**Task requirements:**
Your answer must be every line of the data that contains "NormalizedCirculant".

**Stored items:**
##############################

(* The orbit 0, s, 2s, ... of s in Z/nZ is an elementary cycle all of whose arcs have weight a s. *)
Lemma exists_cycle_circulant_gmean n a s :
  (s < n)%nat -> 0 < a s -> exists c, is_cycle n c /\ cycle_gmean (circulant n a) c = a s.
Proof.
  intros Hs Has.
  destruct (exists_additive_order n s ltac:(lia)) as [k [Hk [Hks Hmin]]].
  set (c := map (fun m => ((m * s) mod n)%nat) (seq 0 k)).
  assert (Hlen : length c = k) by (unfold c; rewrite length_map, length_seq; auto).
  assert (Hnth : forall m, (m < k)%nat -> nth m c 0%nat = ((m * s) mod n)%nat).
  { intros m Hm. rewrite (nth_indep c 0%nat ((fun m => ((m * s) mod n)%nat) 0%nat)) by lia.
    unfold c. rewrite (map_nth (fun m => ((m * s) mod n)%nat)), seq_nth; auto. }
  exists c. split; [split; [| split] |].
  - intros E. rewrite E in Hlen. simpl in Hlen. lia.
  - apply (NoDup_nth c 0%nat). rewrite Hlen. intros i j Hi Hj E. rewrite !Hnth in E by auto.
    destruct (Nat.lt_trichotomy i j) as [H | [H | H]]; auto; exfalso.
    + apply (Hmin (j - i)%nat); [lia | apply mod_sub_eq_0; auto; lia].
    + apply (Hmin (i - j)%nat); [lia | apply mod_sub_eq_0; auto; lia].
  - intros i Hi. unfold c in Hi. apply in_map_iff in Hi as [m [<- _]]. apply Nat.mod_upper_bound; lia.
  - unfold cycle_gmean, gmean, cycle_weight. rewrite Hlen, (bigprod_const k _ (a s)).
    + destruct (Req_EM_T (a s ^ k) 0) as [E | _]; [| apply Rpower_pow_inv; auto].
      exfalso. apply (pow_nonzero (a s) k); lra.
    + intros m Hm. assert (Hm1 : ((m + 1) mod k < k)%nat) by (apply Nat.mod_upper_bound; lia).
      rewrite !Hnth by auto. unfold circulant. f_equal.
      replace (((m + 1) mod k * s) mod n)%nat with (((m * s) mod n + s) mod n)%nat.
      * apply circulant_index_add; auto. apply Nat.mod_upper_bound; lia.
      * rewrite Nat.Div0.add_mod_idemp_l.
        destruct (Nat.eq_dec (m + 1) k) as [E | E].
        -- replace (m * s + s)%nat with (k * s)%nat by nia.
           rewrite Hks, E, Nat.Div0.mod_same. symmetry; apply Nat.Div0.mod_0_l.
        -- rewrite (Nat.mod_small (m + 1) k) by lia. f_equal. lia.
Qed.

Lemma is_lambda_circulant n a l s :
  (s < n)%nat -> (forall t, (t < n)%nat -> 0 <= a t <= a s) -> 0 < a s ->
  is_lambda n (circulant n a) l -> l = a s.
Proof.
  intros Hs Ha Has [[c0 [Hc0 <-]] Hall]. apply Rle_antisym.
  - apply (cycle_gmean_circulant_le n); auto.
  - destruct (exists_cycle_circulant_gmean n a s Hs Has) as [c [Hc <-]]. auto.
Qed.

Section NormalizedCirculant.

Variables (n q s : nat) (b : nat -> R).
Hypothesis s_lt_n : (s < n)%nat.
Hypothesis b_unit : forall x, (x < n)%nat -> 0 <= b x <= 1.
Hypothesis b_s : b s = 1.
Hypothesis q_large : (n - 1 <= q)%nat.

Local Notation P := (mpow n (circulant n b) (n * q)).

Let n_pos : (0 < n)%nat. Proof. lia. Qed.
Let b_nonneg x : (x < n)%nat -> 0 <= b x. Proof. apply b_unit. Qed.

Lemma mpow_circulant_le_1 i j : (i < n)%nat -> (j < n)%nat -> P i j <= 1.
Proof.
  intros Hi Hj.
  destruct (mpow_circulant_le_word_weight n b n_pos b_nonneg (n * q) i j Hi Hj)
    as [-> | [w [_ [Hw [_ Hle]]]]]; [lra |].
  pose proof (word_weight_bounds n b w b_unit Hw). lra.
Qed.

Lemma mpow_circulant_diag i : (i < n)%nat -> P i i = 1.
Proof.
  intros Hi. apply Rle_antisym; [apply mpow_circulant_le_1; auto |].
  assert (Hw : letters_below n (repeat s (n * q))).
  { apply Forall_forall. intros x Hx. apply repeat_spec in Hx. lia. }
  pose proof (word_weight_le_mpow_circulant n b n_pos b_nonneg _ i Hw Hi) as H.
  rewrite repeat_length, word_weight_repeat, list_sum_repeat, b_s, pow1 in H.
  replace (i + n * q * s)%nat with (i + (q * s) * n)%nat in H by lia.
  rewrite Nat.Div0.mod_add, Nat.mod_small in H by lia. exact H.
Qed.

Lemma mpow_circulant_idempotent i j :
  (i < n)%nat -> (j < n)%nat -> mmul n P P i j = P i j.
Proof.
  intros Hi Hj. unfold mmul. apply Rle_antisym.
  - apply bigmax_lub; [apply mpow_nonneg |]. intros k Hk.
    pose proof (mpow_nonneg n (circulant n b) (n * q) i k) as Hik.
    pose proof (mpow_nonneg n (circulant n b) (n * q) k j) as Hkj.
    destruct (mpow_circulant_le_word_weight n b n_pos b_nonneg (n * q) i k Hi Hk)
      as [-> | [w1 [Hl1 [Hw1 [Hs1 Hle1]]]]]; [rewrite Rmult_0_l; apply mpow_nonneg |].
    destruct (mpow_circulant_le_word_weight n b n_pos b_nonneg (n * q) k j Hk Hj)
      as [-> | [w2 [Hl2 [Hw2 [Hs2 Hle2]]]]]; [rewrite Rmult_0_r; apply mpow_nonneg |].
    destruct (word_shorten n b n_pos b_unit (n * q) q (w1 ++ w2))
      as [w [Hl [Hw [Hsum Hweight]]]].
    + apply Forall_app; auto.
    + nia.
    + rewrite length_app; lia.
    + pose proof (word_weight_le_mpow_circulant n b n_pos b_nonneg w i Hw Hi) as H.
      rewrite Hl, <- Nat.Div0.add_mod_idemp_r, Hsum, Nat.Div0.add_mod_idemp_r, list_sum_app,
        Nat.add_assoc, <- Nat.Div0.add_mod_idemp_l, Hs1, Hs2 in H.
      rewrite word_weight_app in Hweight.
      eapply Rle_trans; [| exact H]. eapply Rle_trans; [| exact Hweight].
      apply Rmult_le_compat; auto.
  - eapply Rle_trans; [| apply (le_bigmax n _ j Hj)]; cbv beta.
    rewrite mpow_circulant_diag by auto. lra.
Qed.

End NormalizedCirculant.

Theorem lemma5 (n : nat) (a : nat -> R)
  (ha : forall t, (t < n)%nat -> 0 <= a t)
  (hnz : exists t, (t < n)%nat /\ a t <> 0)
  (l : R) (hl : is_lambda n (circulant n a) l) :
  let M := mpow n (mscale (/ l) (circulant n a)) (n ^ 2) in
  (forall i j, (i < n)%nat -> (j < n)%nat -> mmul n M M i j = M i j) /\
  (forall i, (i < n)%nat -> M i i = 1) /\
  (forall i j, (i < n)%nat -> (j < n)%nat -> M i j = mstar n M i j).
Proof.
  destruct hnz as [t0 [Ht0 Hat0]].
  destruct (exists_argmax a n ltac:(lia)) as [s [Hs Hmax]].
  assert (Has : 0 < a s) by (specialize (Hmax t0 Ht0); specialize (ha t0 Ht0); lra).
  assert (Hl : l = a s)
    by (apply (is_lambda_circulant n a l s Hs); auto; intros t Ht; split; auto).
  set (b x := / l * a x).
  assert (Hb : forall x, (x < n)%nat -> 0 <= b x <= 1).
  { intros x Hx. unfold b. rewrite Hl. specialize (ha x Hx). specialize (Hmax x Hx).
    split; [apply Rmult_le_pos; [left; apply Rinv_0_lt_compat |]; auto |].
    rewrite <- (Rinv_l (a s)) by lra. apply Rmult_le_compat_l; [left; apply Rinv_0_lt_compat |]; auto. }
  assert (Hbs : b s = 1) by (unfold b; rewrite Hl; apply Rinv_l; lra).
  intros M.
  assert (HM : M = mpow n (circulant n b) (n * n)) by (unfold M; f_equal; simpl; lia).
  clearbody M; subst M.
  assert (Hidem := mpow_circulant_idempotent n n s b Hs Hb Hbs ltac:(lia)).
  assert (Hdiag := mpow_circulant_diag n n s b Hs Hb Hbs ltac:(lia)).
  repeat split; auto.
  intros i j Hi Hj. apply idempotent_eq_mstar; auto. intros; apply mpow_nonneg.
Qed.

##############################

**Reply:**
Section NormalizedCirculant.
End NormalizedCirculant.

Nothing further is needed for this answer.